No idea! You've got me curious though!


----------



## KingLewis92 (Mar 13, 2012)

presuming its upside down, once the right way up it looks like some sort of double chair, maybe a lounger of some sort?...


----------



## Krypton (Mar 13, 2012)

looks like a kids slide to me


----------



## UEP-Wales (Mar 13, 2012)

KingLewis92 said:


> presuming its upside down, once the right way up it looks like some sort of double chair, maybe a lounger of some sort?...



I thought of a double chair but then the large pole coming out of the side wouldn't be there really? To me it looks like a stage block but I could be wrong of course. Was there any writing anywhere on it?


----------



## gushysfella (Mar 13, 2012)

Is it a chair from a fair ground ride?


----------



## Munchh (Mar 13, 2012)

The handle cut outs are the main clue. They're a must if you have to carry something regularly that's not particularly heavy but is of an awkward shape and size. It's not something intended to be permanent but rather something to be moved/removed or loaded/unloaded frequently.

So, I think it may have once been;

a) part of a stage or theatre set
b) part of a carnival float rigging
c) fairground/circus related
d) a temporary but re-useable display unit (ie as in a department store)
e) a beach/pool sun lounger with awning, add your own padding. lol

Looks to me like the main structure is made from 18mm birch faced ply (ie marine grade) which is the material I would build something like this from for all of the above uses. It would have been positioned against two adjacent surfaces (eg wall and floor) or originally covered at the rear with thin bendy plywood which has subsequently come away or been removed.

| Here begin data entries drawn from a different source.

(* $\operatorname{BSR}(4,4)\ge 10$. In particular, the biquadratic form \[P(\mathbf{x},\mathbf{y})=x_1^2y_1^2+x_1^2y_2^2+x_2^2y_1^2+x_2^2y_3^2+x_3^2y_1^2+x_3^2y_4^2+x_4^2y_2^2+x_4^2y_3^2+x_4^2y_4^2+(x_1y_3+x_2y_4)^2\] on $\mathbb{R}^4\times\mathbb{R}^4$ has SOS rank $10$ (i.e., it cannot be written as a sum of fewer than 10 squares of bilinear forms).
   Context: An $m\times n$ biquadratic form is a polynomial $P(\mathbf{x},\mathbf{y})=\sum_{i,k=1}^m\sum_{j,l=1}^n a_{ijkl}x_ix_ky_jy_l$ with real coefficients, $\mathbf{x}\in\mathbb{R}^m$, $\mathbf{y}\in\mathbb{R}^n$. It is SOS if $P=\sum_{p=1}^r f_p^2$ for some real bilinear forms $f_p(\mathbf{x},\mathbf{y})=\sum_{i,j}c^{(p)}_{ij}x_iy_j$; the least such $r$ is the SOS rank $\operatorname{sos}(P)$. $\operatorname{BSR}(m,n)$ is the maximum of $\operatorname{sos}(P)$ over all $m\times n$ SOS biquadratic forms $P$. *)

From HB Require Import structures.
From mathcomp Require Import all_boot all_order all_algebra.
From mathcomp Require Import reals.
Set Implicit Arguments. Unset Strict Implicit. Unset Printing Implicit Defensive.
Import Order.TTheory GRing.Theory Num.Theory.
Local Open Scope ring_scope.

Section Biquad.
Variable R : realType.

Definition biquad (m n : nat) (a : 'I_m -> 'I_n -> 'I_m -> 'I_n -> R)
    (x : 'I_m -> R) (y : 'I_n -> R) : R :=
  \sum_(i < m) \sum_(j < n) \sum_(k < m) \sum_(l < n)
     a i j k l * x i * x k * y j * y l.

Definition is_biquad (m n : nat) (P : ('I_m -> R) -> ('I_n -> R) -> R) : Prop :=
  exists a : 'I_m -> 'I_n -> 'I_m -> 'I_n -> R,
    forall x y, P x y = biquad a x y.

Definition bilin (m n : nat) (c : 'I_m -> 'I_n -> R)
    (x : 'I_m -> R) (y : 'I_n -> R) : R :=
  \sum_(i < m) \sum_(j < n) c i j * x i * y j.

Definition sos_with (m n : nat) (P : ('I_m -> R) -> ('I_n -> R) -> R) (r : nat)
    : Prop :=
  exists c : 'I_r -> 'I_m -> 'I_n -> R,
    forall x y, P x y = \sum_(p < r) (bilin (c p) x y) ^+ 2.

Definition is_sos (m n : nat) (P : ('I_m -> R) -> ('I_n -> R) -> R) : Prop :=
  exists r, sos_with P r.

Definition sos_rank_is (m n : nat) (P : ('I_m -> R) -> ('I_n -> R) -> R)
    (k : nat) : Prop :=
  sos_with P k /\ (forall r, sos_with P r -> (k <= r)%N).

Definition BSR_ge (m n k : nat) : Prop :=
  exists P : ('I_m -> R) -> ('I_n -> R) -> R,
    [/\ is_biquad P, is_sos P & forall r, sos_with P r -> (k <= r)%N].

Definition P_cor (x y : 'I_4 -> R) : R :=
  let x1 := x (inord 0) in let x2 := x (inord 1) in
  let x3 := x (inord 2) in let x4 := x (inord 3) in
  let y1 := y (inord 0) in let y2 := y (inord 1) in
  let y3 := y (inord 2) in let y4 := y (inord 3) in
  x1^+2 * y1^+2 + x1^+2 * y2^+2 + x2^+2 * y1^+2 + x2^+2 * y3^+2
  + x3^+2 * y1^+2 + x3^+2 * y4^+2 + x4^+2 * y2^+2 + x4^+2 * y3^+2
  + x4^+2 * y4^+2 + (x1 * y3 + x2 * y4)^+2.

End Biquad.

(* The ten-square decomposition of P is visible.  For the lower bound, write a decomposition
   of P into r squares as P(x, y) = |sum_(i,j) x_i y_j v_ij|^2 with v_ij in R^r.  Polarizing at
   unit vectors shows that P determines the symmetrized Gram tensor <v_ij, v_kl> + <v_il, v_kj>.
   The monomials absent from P force v_ij = 0, and |v_13| = |v_24| = 1 together with the cross
   term 2 x_1 x_2 y_3 y_4 force v_13 = v_24.  These two facts pin down the whole Gram tensor: it
   is that of the visible decomposition, so the ten vectors attached to its ten forms are
   orthonormal in R^r and r >= 10. *)

From HB Require Import structures.
From mathcomp Require Import all_boot all_order all_algebra.
From mathcomp Require Import reals.
From mathcomp Require Import ring lra.
Set Implicit Arguments. Unset Strict Implicit. Unset Printing Implicit Defensive.
Import Order.TTheory GRing.Theory Num.Theory.
Local Open Scope ring_scope.

Section GramTensor.
Variables (R : realType) (m n : nat).
Implicit Types (r : nat) (x : 'I_m -> R) (y : 'I_n -> R).

Definition gram r (c : 'I_r -> 'I_m -> 'I_n -> R) i j k l : R :=
  \sum_(p < r) c p i j * c p k l.

Definition sos_form r (c : 'I_r -> 'I_m -> 'I_n -> R) x y : R :=
  \sum_(p < r) bilin (c p) x y ^+ 2.

Definition basis_vec d (i : 'I_d) : 'I_d -> R := fun t => (t == i)%:R.

Definition mixed_diff (Q : ('I_m -> R) -> ('I_n -> R) -> R) i k j l : R :=
  let e := @basis_vec m in let f := @basis_vec n in
  Q (e i \+ e k) (f j \+ f l) - Q (e i \+ e k) (f j) - Q (e i \+ e k) (f l)
  - Q (e i) (f j \+ f l) - Q (e k) (f j \+ f l)
  + Q (e i) (f j) + Q (e i) (f l) + Q (e k) (f j) + Q (e k) (f l).

Lemma gramC r (c : 'I_r -> 'I_m -> 'I_n -> R) i j k l : gram c i j k l = gram c k l i j.
Proof. by apply: eq_bigr => p _; rewrite mulrC. Qed.

Lemma bilinDl (c : 'I_m -> 'I_n -> R) x x' y :
  bilin c (x \+ x') y = bilin c x y + bilin c x' y.
Proof.
rewrite /bilin -big_split; apply: eq_bigr => i _ /=.
by rewrite -big_split; apply: eq_bigr => j _ /=; ring.
Qed.

Lemma bilinDr (c : 'I_m -> 'I_n -> R) x y y' :
  bilin c x (y \+ y') = bilin c x y + bilin c x y'.
Proof.
rewrite /bilin -big_split; apply: eq_bigr => i _ /=.
by rewrite -big_split; apply: eq_bigr => j _ /=; ring.
Qed.

Lemma sum_basis_vec d (F : 'I_d -> R) j : \sum_(i < d) F i * basis_vec j i = F j.
Proof.
rewrite (bigD1 j) //= /basis_vec eqxx mulr1 big1 ?addr0 // => i /negbTE ->.
by rewrite mulr0.
Qed.

Lemma bilin_basis (c : 'I_m -> 'I_n -> R) i j :
  bilin c (basis_vec i) (basis_vec j) = c i j.
Proof. by rewrite /bilin; under eq_bigr do rewrite sum_basis_vec; rewrite sum_basis_vec. Qed.

Lemma mixed_diff_sos_form r (c : 'I_r -> 'I_m -> 'I_n -> R) i k j l :
  mixed_diff (sos_form c) i k j l = 2 * (gram c i j k l + gram c i l k j).
Proof.
rewrite /mixed_diff /sos_form /gram -!sumrB -!big_split mulr_sumr /=.
apply: eq_bigr => p _; rewrite !bilinDl !bilinDr !bilin_basis; ring.
Qed.

Lemma eq_sos_form_gram_sym r s (c : 'I_r -> 'I_m -> 'I_n -> R) (d : 'I_s -> 'I_m -> 'I_n -> R) :
  sos_form c =2 sos_form d ->
  forall i j k l, gram c i j k l + gram c i l k j = gram d i j k l + gram d i l k j.
Proof.
move=> cd i j k l; apply: (@mulfI _ 2); first by rewrite pnatr_eq0.
by rewrite /= -!mixed_diff_sos_form /mixed_diff !cd.
Qed.

Lemma sum_sqr_eq0 r (f : 'I_r -> R) : \sum_(p < r) f p ^+ 2 = 0 -> forall p, f p = 0.
Proof.
move=> /eqP; rewrite psumr_eq0 => [/allP f0 p|p _]; last exact: sqr_ge0.
by apply/eqP; rewrite -sqrf_eq0; apply: (implyP (f0 p (mem_index_enum p))).
Qed.

Lemma gram_diag_eq0 r (c : 'I_r -> 'I_m -> 'I_n -> R) i j :
  gram c i j i j = 0 -> forall p, c p i j = 0.
Proof.
by move=> c0; apply: sum_sqr_eq0; rewrite -[RHS]c0; apply: eq_bigr => p _; rewrite expr2.
Qed.

Lemma gram_dist_eq0 r (c : 'I_r -> 'I_m -> 'I_n -> R) i j k l :
  gram c i j i j - 2 * gram c i j k l + gram c k l k l = 0 -> forall p, c p i j = c p k l.
Proof.
move=> c0 p; apply/eqP; rewrite -subr_eq0; apply/eqP; move: p; apply: sum_sqr_eq0.
rewrite -[RHS]c0 /gram mulr_sumr -sumrB -big_split /=.
by apply: eq_bigr => p _; ring.
Qed.

Lemma orthonormal_le_dim r s (c : 'I_r -> 'I_m -> 'I_n -> R) (idx : 'I_s -> 'I_m * 'I_n) :
  (forall a b, gram c (idx a).1 (idx a).2 (idx b).1 (idx b).2 = (a == b)%:R) -> (s <= r)%N.
Proof.
move=> on; pose M := \matrix_(a < s, p < r) c p (idx a).1 (idx a).2.
have MMt : M *m M^T = 1%:M.
  by apply/matrixP => a b; rewrite !mxE -on; apply: eq_bigr => p _; rewrite !mxE.
by rewrite -(mxrank1 R s) -MMt (leq_trans (mxrankM_maxl _ _)) ?rank_leq_col.
Qed.

Lemma biquad_gram r (c : 'I_r -> 'I_m -> 'I_n -> R) x y :
  biquad (gram c) x y = sos_form c x y.
Proof.
rewrite /sos_form /biquad; symmetry.
under eq_bigr do rewrite expr2 /bilin mulr_suml.
rewrite exchange_big; apply: eq_bigr => i _.
under eq_bigr do rewrite mulr_suml.
rewrite exchange_big; apply: eq_bigr => j _.
under eq_bigr do rewrite mulr_sumr.
rewrite exchange_big; apply: eq_bigr => k _.
under eq_bigr do rewrite mulr_sumr.
rewrite exchange_big; apply: eq_bigr => l _.
by rewrite /gram !mulr_suml; apply: eq_bigr => p _; ring.
Qed.

End GramTensor.

Section P_cor.
Variable R : realType.

(* Indices are 0-based: (i, j) stands for x_(i+1) y_(j+1), and its value is the number of
   the square containing it; the first nine are monomials, the tenth is x_1 y_3 + x_2 y_4.
   [None] marks the monomials that do not occur in P at all. *)
Definition P_cor_index (i j : nat) : option nat :=
  match i, j with
  | 0, 0 => Some 0 | 0, 1 => Some 1 | 1, 0 => Some 2 | 1, 2 => Some 3
  | 2, 0 => Some 4 | 2, 3 => Some 5 | 3, 1 => Some 6 | 3, 2 => Some 7
  | 3, 3 => Some 8 | 0, 2 | 1, 3 => Some 9 | _, _ => None
  end%N.

Definition P_cor_sos (a : 'I_10) (i j : 'I_4) : R := (P_cor_index i j == Some (a : nat))%:R.

Definition P_cor_rep (a : 'I_10) : 'I_4 * 'I_4 :=
  (inord (nth 0 [:: 0; 0; 1; 1; 2; 2; 3; 3; 3; 0] a),
   inord (nth 0 [:: 0; 1; 0; 2; 0; 3; 1; 2; 3; 2] a))%N.

Lemma sum_ord_inord d (F : 'I_d.+1 -> R) :
  \sum_(i < d.+1) F i = \sum_(0 <= k < d.+1) F (inord k).
Proof. by rewrite big_mkord; apply: eq_bigr => i _; rewrite inord_val. Qed.

Lemma P_cor_sosE x y : P_cor x y = sos_form P_cor_sos x y.
Proof.
rewrite /sos_form /bilin.
do 3 rewrite !sum_ord_inord /index_iota /= !big_cons !big_nil.
by rewrite /P_cor_sos !inordK //= /P_cor; ring.
Qed.

Lemma P_cor_sos_off a (i j : 'I_4) : P_cor_index i j = None -> P_cor_sos a i j = 0.
Proof. by rewrite /P_cor_sos => ->. Qed.

Lemma P_cor_sos_merge a :
  P_cor_sos a (inord 1) (inord 3) = P_cor_sos a (inord 0) (inord 2).
Proof. by rewrite /P_cor_sos !inordK. Qed.

Lemma P_cor_index_rep a : P_cor_index (P_cor_rep a).1 (P_cor_rep a).2 = Some (a : nat).
Proof. by case: a => [[|[|[|[|[|[|[|[|[|[|?]]]]]]]]]] ?] //; rewrite /= !inordK. Qed.

Lemma gram_P_cor_sos_rep a b :
  gram P_cor_sos (P_cor_rep a).1 (P_cor_rep a).2 (P_cor_rep b).1 (P_cor_rep b).2
  = (a == b)%:R.
Proof.
rewrite /gram /P_cor_sos !P_cor_index_rep.
under eq_bigr do rewrite !(inj_eq (@Some_inj _)) !val_eqE.
rewrite (bigD1 a) //= eqxx mul1r [b == a]eq_sym big1 ?addr0 // => q /negbTE.
by rewrite eq_sym => ->; rewrite mul0r.
Qed.

End P_cor.

Arguments P_cor_sos {R} a i j.

(* [E] is meant to be the difference of the Gram tensors of two decompositions of P. *)
Section Gram_defect.
Variables (R : realType) (E : 'I_4 -> 'I_4 -> 'I_4 -> 'I_4 -> R).
Hypothesis E_swap : forall i j k l, E i j k l + E i l k j = 0.
Hypothesis E_sym : forall i j k l, E i j k l = E k l i j.
Hypothesis E_off : forall i j k l : 'I_4, P_cor_index i j = None -> E i j k l = 0.
Hypothesis E_merge : forall k l, E (inord 1) (inord 3) k l = E (inord 0) (inord 2) k l.

Let degenerate (i j k l : nat) :=
  [|| i == k, j == l | None \in [:: P_cor_index i j; P_cor_index k l; P_cor_index i l;
                                      P_cor_index k j]].
Let merged (i j : nat) := (i, j) \in [:: (0, 2); (1, 3)]%N.

Let E_skew i j k l : E i j k l = - E i l k j.
Proof. by apply/eqP; rewrite -addr_eq0 E_swap. Qed.

Let E_degenerate (i j k l : 'I_4) : degenerate i j k l -> E i j k l = 0.
Proof.
case/or3P=> [/eqP/val_inj<-|/eqP/val_inj<-|].
- by have := E_skew i j i l; rewrite E_sym; lra.
- by have := E_skew i j k j; lra.
rewrite !inE => /or4P[] /eqP/esym off.
- by rewrite E_off.
- by rewrite E_sym E_off.
- by rewrite E_skew E_off ?oppr0.
- by rewrite E_skew E_sym E_off ?oppr0.
Qed.

Let E_merged (i j k l : 'I_4) : merged i j -> E i j k l = 0.
Proof.
have E02 k' l' : E (inord 0) (inord 2) k' l' = 0.
  have : degenerate 0 2 k' l' || degenerate 1 3 k' l'.
    by move: k' l'; do 2 case=> [[|[|[|[|?]]]] ?] //.
  case/orP; [move: (@E_degenerate (inord 0) (inord 2) k' l') |
             move: (@E_degenerate (inord 1) (inord 3) k' l'); rewrite E_merge];
  by rewrite !inordK //; apply.
rewrite /merged !inE => /orP[] /eqP[vi vj].
  by rewrite -[i]inord_val -[j]inord_val vi vj.
by rewrite -[i]inord_val -[j]inord_val vi vj E_merge.
Qed.

Lemma P_cor_gram_defect_eq0 (i j k l : 'I_4) : E i j k l = 0.
Proof.
have : degenerate i j k l || [|| merged i j, merged k l, merged i l | merged k j].
  by move: i j k l; do 4 case=> [[|[|[|[|?]]]] ?] //.
case/orP=> [/E_degenerate //|/or4P[]/E_merged //].
- by rewrite E_sym.
- by rewrite E_skew => ->; rewrite oppr0.
- by rewrite E_skew E_sym => ->; rewrite oppr0.
Qed.
End Gram_defect.

Section P_cor_lower_bound.
Variables (R : realType) (r : nat) (c : 'I_r -> 'I_4 -> 'I_4 -> R).
Hypothesis c_sos : forall x y, P_cor x y = sos_form c x y.

Let E i j k l := gram c i j k l - gram P_cor_sos i j k l.

Let gram_swap i j k l :
  gram c i j k l + gram c i l k j = gram P_cor_sos i j k l + gram P_cor_sos i l k j.
Proof. by apply: eq_sos_form_gram_sym => x y; rewrite -c_sos P_cor_sosE. Qed.

Let E_swap i j k l : E i j k l + E i l k j = 0.
Proof. by rewrite /E; have := gram_swap i j k l; lra. Qed.

Let E_sym i j k l : E i j k l = E k l i j.
Proof. by rewrite /E gramC [gram P_cor_sos _ _ _ _]gramC. Qed.

Let E_off (i j k l : 'I_4) : P_cor_index i j = None -> E i j k l = 0.
Proof.
move=> ij_off; have sos_off k' l' : gram P_cor_sos i j k' l' = 0.
  by rewrite /gram big1 // => a _; rewrite P_cor_sos_off ?mul0r.
have c_off p : c p i j = 0.
  by apply: gram_diag_eq0; have := gram_swap i j i j; rewrite !sos_off; lra.
by rewrite /E sos_off /gram big1 ?subr0 // => p _; rewrite c_off mul0r.
Qed.

Let E_diag i j : E i j i j = 0.
Proof. by have := E_swap i j i j; lra. Qed.

Let sos_merge_l k l :
  gram (@P_cor_sos R) (inord 1) (inord 3) k l = gram P_cor_sos (inord 0) (inord 2) k l.
Proof. by apply: eq_bigr => a _; rewrite P_cor_sos_merge. Qed.

Let sos_merge_r k l :
  gram (@P_cor_sos R) k l (inord 1) (inord 3) = gram P_cor_sos k l (inord 0) (inord 2).
Proof. by rewrite gramC sos_merge_l gramC. Qed.

Let c_merge p : c p (inord 1) (inord 3) = c p (inord 0) (inord 2).
Proof.
move: p; apply: gram_dist_eq0.
have E_cross : E (inord 1) (inord 3) (inord 0) (inord 2) = 0.
  have := E_swap (inord 1) (inord 3) (inord 0) (inord 2).
  by rewrite [E _ (inord 2) _ _]E_sym [E (inord 0) _ _ _]E_off; [lra | rewrite !inordK].
move: E_cross (E_diag (inord 1) (inord 3)) (E_diag (inord 0) (inord 2)).
by rewrite /E !sos_merge_l !sos_merge_r; lra.
Qed.

Let E_merge k l : E (inord 1) (inord 3) k l = E (inord 0) (inord 2) k l.
Proof.
by rewrite /E sos_merge_l; congr (_ - _); apply: eq_bigr => p _; rewrite c_merge.
Qed.

Lemma P_cor_gram_unique i j k l : gram c i j k l = gram P_cor_sos i j k l.
Proof.
by apply/eqP; rewrite -subr_eq0; apply/eqP; apply: (P_cor_gram_defect_eq0 E_swap).
Qed.

Lemma P_cor_sos_length_ge : (10 <= r)%N.
Proof.
apply: (orthonormal_le_dim (c := c) (idx := P_cor_rep)) => a b.
by rewrite P_cor_gram_unique gram_P_cor_sos_rep.
Qed.

End P_cor_lower_bound.

Theorem corollary3p2 (R : realType) :
  BSR_ge R 4 4 10 /\ is_biquad (@P_cor R) /\ sos_rank_is (@P_cor R) 10.
Proof.
have sos10 : sos_with (@P_cor R) 10 by exists P_cor_sos; exact: P_cor_sosE.
have sos_min r : sos_with (@P_cor R) r -> (10 <= r)%N.
  by case=> c; apply: P_cor_sos_length_ge.
have biquad_P : is_biquad (@P_cor R).
  by exists (gram P_cor_sos) => x y; rewrite biquad_gram P_cor_sosE.
split; last by [].
by exists (@P_cor R); split => //; exists 10%N.
Qed.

This is evident because the rear is 'unfinished' or 'in the white wood' as we say in the trade. You wouldn't decorate unseen surfaces.

Seeing the flip side of it might be more enlightening. That's the rear of it we're looking at. 

EDIT: Is the stuff underneath it related or just other discarded junk? It also resembles a large curve press former but that's a long shot.


----------



## highcannons (Mar 13, 2012)

....if it is upside down then why bother shaping the rails to follow the platforms?....


----------



## Munchh (Mar 13, 2012)

highcannons said:


> ....if it is upside down then why bother shaping the rails to follow the platforms?....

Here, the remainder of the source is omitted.